(* Each edge inside V is counted twice on the left and at least once on the right. *)
Lemma sum_deg_le_cover V C : is_cover_in V C ->
  (\sum_(x in V) deg e V x <= 2 * \sum_(x in C) deg e V x)%N.
Proof.
case/andP=> sCV /forall_inP coverC.
have inC_sum (f : T -> nat) : (\sum_(x in C) f x = \sum_(x in V) (x \in C) * f x)%N.
  rewrite [LHS]big_mkcond [RHS]big_mkcond; apply: eq_bigr => x _.
  by case xC: (x \in C); rewrite ?(subsetP sCV x xC) ?mul1n //; case: (x \in V).
have left_end : (\sum_(x in C) deg e V x = \sum_(x in V) \sum_(y in V) (x \in C) * e x y)%N.
  by rewrite inC_sum; apply: eq_bigr => x _; rewrite deg_sumE big_distrr.
have right_end : (\sum_(x in C) deg e V x = \sum_(x in V) \sum_(y in V) (y \in C) * e x y)%N.
  rewrite exchange_big inC_sum; apply: eq_bigr => y _; rewrite deg_sumE big_distrr.
  by apply: eq_bigr => x _; rewrite esym.
rewrite mul2n -addnn {1}left_end right_end -big_split; apply: leq_sum => x xV.
rewrite deg_sumE -big_split; apply: leq_sum => y yV.
by move/forall_inP: (coverC x xV) => /(_ y yV); case: (e x y) (x \in C) (y \in C) => [] [] [].
Qed.

End MinimumCover.

Section GreedyCost.
Variables (T : finType) (e : rel T).
Hypothesis eirr : irreflexive e.

(* A vertex joins the cover of ALG exactly when it still has an edge at the
   moment it is removed. *)
Fixpoint greedy_cost (V : {set T}) (s : seq T) : nat :=
  if s is v :: s' then ((0 < deg e V v) + greedy_cost (V :\ v) s')%N else 0%N.

Definition earlier_nbr (s : seq T) (x : T) : bool :=
  [exists y, [&& y \in s, e x y & (index x s < index y s)%N]].

Lemma earlier_nbr_head v s : earlier_nbr (v :: s) v = has (e v) s.
Proof.
apply/existsP/hasP => [[y /and3P[]]|[y ys evy]].
  by rewrite inE => /predU1P[-> | ys evy _]; [rewrite eirr | exists y].
exists y; rewrite inE ys orbT evy /= eqxx.
by case: eqP => // vy; rewrite vy eirr in evy.
Qed.

Lemma earlier_nbr_cons v s x : v \notin s -> x \in s ->
  earlier_nbr (v :: s) x = earlier_nbr s x.
Proof.
move=> vs xs; have xv : v != x by apply: contraNneq vs => ->.
apply/existsP/existsP => [[y /and3P[]]|[y /and3P[ys exy lt_xy]]].
  rewrite /= (negbTE xv) inE => /predU1P[-> | ys exy]; first by rewrite eqxx.
  have /negbTE-> : v != y by apply: contraNneq vs => ->.
  by exists y; rewrite ys exy.
have /negbTE vy : v != y by apply: contraNneq vs => ->.
by exists y; rewrite inE ys orbT exy /= (negbTE xv) vy.
Qed.

Lemma greedy_cost_count s : uniq s ->
  greedy_cost [set x in s] s = count (earlier_nbr s) s.
Proof.
elim: s => [|v s IH] //= /andP[vs us].
have -> : [set x in v :: s] :\ v = [set x in s].
  by apply/setP => x; rewrite !inE; case: eqVneq => // ->; rewrite (negbTE vs).
have -> : (0 < deg e [set x in v :: s] v)%N = has (e v) s.
  rewrite /deg card_gt0; apply/set0Pn/hasP => [[y]|[y ys evy]].
    by rewrite !inE => /andP[/predU1P[-> | ys] evy]; [rewrite eirr in evy | exists y].
  by exists y; rewrite !inE ys orbT evy.
rewrite earlier_nbr_head IH //; congr (_ + _)%N.
by apply: eq_in_count => x xs; rewrite earlier_nbr_cons.
Qed.

Lemma ALG_greedy_cost s : uniq s -> size s = #|T| -> ALG e s = greedy_cost [set: T] s.
Proof.
move=> us size_s.
have s_full x : x \in s.
  have /subset_cardP : #|s| = #|T| by rewrite (card_uniqP us).
  by move=> /(_ (subset_predT _)) /(_ x); rewrite !inE.
have -> : [set: T] = [set x in s] by apply/setP => x; rewrite !inE s_full.
rewrite greedy_cost_count // -size_filter -(card_uniqP (filter_uniq _ us)).
apply: eq_card => x; rewrite !inE mem_filter s_full andbT.
by apply/existsP/existsP => [[y /andP[exy lt_xy]]|[y /and3P[_ exy lt_xy]]];
  exists y; rewrite ?s_full exy.
Qed.

End GreedyCost.

Section Weights.
Variables (R : rcfType) (eps : R).
Hypothesis eps_gt0 : 0 < eps.

Lemma wgt_ge0 n i : 0 <= wgt eps n i.
Proof. by rewrite /wgt mulr_ge0 ?sqrtr_ge0 // divr_ge0 // ltW. Qed.

Lemma wgt_gt0 n i : (0 < n)%N -> 0 < wgt eps n i.
Proof. by move=> n_gt0; rewrite /wgt mulr_gt0 ?divr_gt0 // sqrtr_gt0 divr_gt0 ?ltr0n. Qed.

Lemma wgt_homo n i j : (i <= j)%N -> wgt eps n i <= wgt eps n j.
Proof.
move=> le_ij; rewrite /wgt ler_pM2l ?divr_gt0 // ler_sqrt ?divr_ge0 //.
by rewrite ler_wpM2l // lef_pV2 ?posrE ?ltr0n // ler_nat ltnS leq_sub2l.
Qed.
________
All of the records above are to be returned exactly as they stand.

• Solution to this exercise
(* Each edge inside V is counted twice on the left and at least once on the right. *)
Lemma sum_deg_le_cover V C : is_cover_in V C ->
  (\sum_(x in V) deg e V x <= 2 * \sum_(x in C) deg e V x)%N.
Proof.
case/andP=> sCV /forall_inP coverC.
have inC_sum (f : T -> nat) : (\sum_(x in C) f x = \sum_(x in V) (x \in C) * f x)%N.
  rewrite [LHS]big_mkcond [RHS]big_mkcond; apply: eq_bigr => x _.
  by case xC: (x \in C); rewrite ?(subsetP sCV x xC) ?mul1n //; case: (x \in V).
have left_end : (\sum_(x in C) deg e V x = \sum_(x in V) \sum_(y in V) (x \in C) * e x y)%N.
  by rewrite inC_sum; apply: eq_bigr => x _; rewrite deg_sumE big_distrr.
have right_end : (\sum_(x in C) deg e V x = \sum_(x in V) \sum_(y in V) (y \in C) * e x y)%N.
  rewrite exchange_big inC_sum; apply: eq_bigr => y _; rewrite deg_sumE big_distrr.
  by apply: eq_bigr => x _; rewrite esym.
rewrite mul2n -addnn {1}left_end right_end -big_split; apply: leq_sum => x xV.
rewrite deg_sumE -big_split; apply: leq_sum => y yV.
by move/forall_inP: (coverC x xV) => /(_ y yV); case: (e x y) (x \in C) (y \in C) => [] [] [].
Qed.

End MinimumCover.

Section GreedyCost.
Variables (T : finType) (e : rel T).
Hypothesis eirr : irreflexive e.

(* A vertex joins the cover of ALG exactly when it still has an edge at the
   moment it is removed. *)
Fixpoint greedy_cost (V : {set T}) (s : seq T) : nat :=
  if s is v :: s' then ((0 < deg e V v) + greedy_cost (V :\ v) s')%N else 0%N.

Definition earlier_nbr (s : seq T) (x : T) : bool :=
  [exists y, [&& y \in s, e x y & (index x s < index y s)%N]].

Lemma earlier_nbr_head v s : earlier_nbr (v :: s) v = has (e v) s.
Proof.
apply/existsP/hasP => [[y /and3P[]]|[y ys evy]].
  by rewrite inE => /predU1P[-> | ys evy _]; [rewrite eirr | exists y].
exists y; rewrite inE ys orbT evy /= eqxx.
by case: eqP => // vy; rewrite vy eirr in evy.
Qed.

Lemma earlier_nbr_cons v s x : v \notin s -> x \in s ->
  earlier_nbr (v :: s) x = earlier_nbr s x.
Proof.
move=> vs xs; have xv : v != x by apply: contraNneq vs => ->.
apply/existsP/existsP => [[y /and3P[]]|[y /and3P[ys exy lt_xy]]].
  rewrite /= (negbTE xv) inE => /predU1P[-> | ys exy]; first by rewrite eqxx.
  have /negbTE-> : v != y by apply: contraNneq vs => ->.
  by exists y; rewrite ys exy.
have /negbTE vy : v != y by apply: contraNneq vs => ->.
by exists y; rewrite inE ys orbT exy /= (negbTE xv) vy.
Qed.

Lemma greedy_cost_count s : uniq s ->
  greedy_cost [set x in s] s = count (earlier_nbr s) s.
Proof.
elim: s => [|v s IH] //= /andP[vs us].
have -> : [set x in v :: s] :\ v = [set x in s].
  by apply/setP => x; rewrite !inE; case: eqVneq => // ->; rewrite (negbTE vs).
have -> : (0 < deg e [set x in v :: s] v)%N = has (e v) s.
  rewrite /deg card_gt0; apply/set0Pn/hasP => [[y]|[y ys evy]].
    by rewrite !inE => /andP[/predU1P[-> | ys] evy]; [rewrite eirr in evy | exists y].
  by exists y; rewrite !inE ys orbT evy.
rewrite earlier_nbr_head IH //; congr (_ + _)%N.
by apply: eq_in_count => x xs; rewrite earlier_nbr_cons.
Qed.

Lemma ALG_greedy_cost s : uniq s -> size s = #|T| -> ALG e s = greedy_cost [set: T] s.
Proof.
move=> us size_s.
have s_full x : x \in s.
  have /subset_cardP : #|s| = #|T| by rewrite (card_uniqP us).
  by move=> /(_ (subset_predT _)) /(_ x); rewrite !inE.
have -> : [set: T] = [set x in s] by apply/setP => x; rewrite !inE s_full.
rewrite greedy_cost_count // -size_filter -(card_uniqP (filter_uniq _ us)).
apply: eq_card => x; rewrite !inE mem_filter s_full andbT.
by apply/existsP/existsP => [[y /andP[exy lt_xy]]|[y /and3P[_ exy lt_xy]]];
  exists y; rewrite ?s_full exy.
Qed.

End GreedyCost.

Section Weights.
Variables (R : rcfType) (eps : R).
Hypothesis eps_gt0 : 0 < eps.

Lemma wgt_ge0 n i : 0 <= wgt eps n i.
Proof. by rewrite /wgt mulr_ge0 ?sqrtr_ge0 // divr_ge0 // ltW. Qed.

Lemma wgt_gt0 n i : (0 < n)%N -> 0 < wgt eps n i.
Proof. by move=> n_gt0; rewrite /wgt mulr_gt0 ?divr_gt0 // sqrtr_gt0 divr_gt0 ?ltr0n. Qed.

Lemma wgt_homo n i j : (i <= j)%N -> wgt eps n i <= wgt eps n j.
Proof.
move=> le_ij; rewrite /wgt ler_pM2l ?divr_gt0 // ler_sqrt ?divr_ge0 //.
by rewrite ler_wpM2l // lef_pV2 ?posrE ?ltr0n // ler_nat ltnS leq_sub2l.
Qed.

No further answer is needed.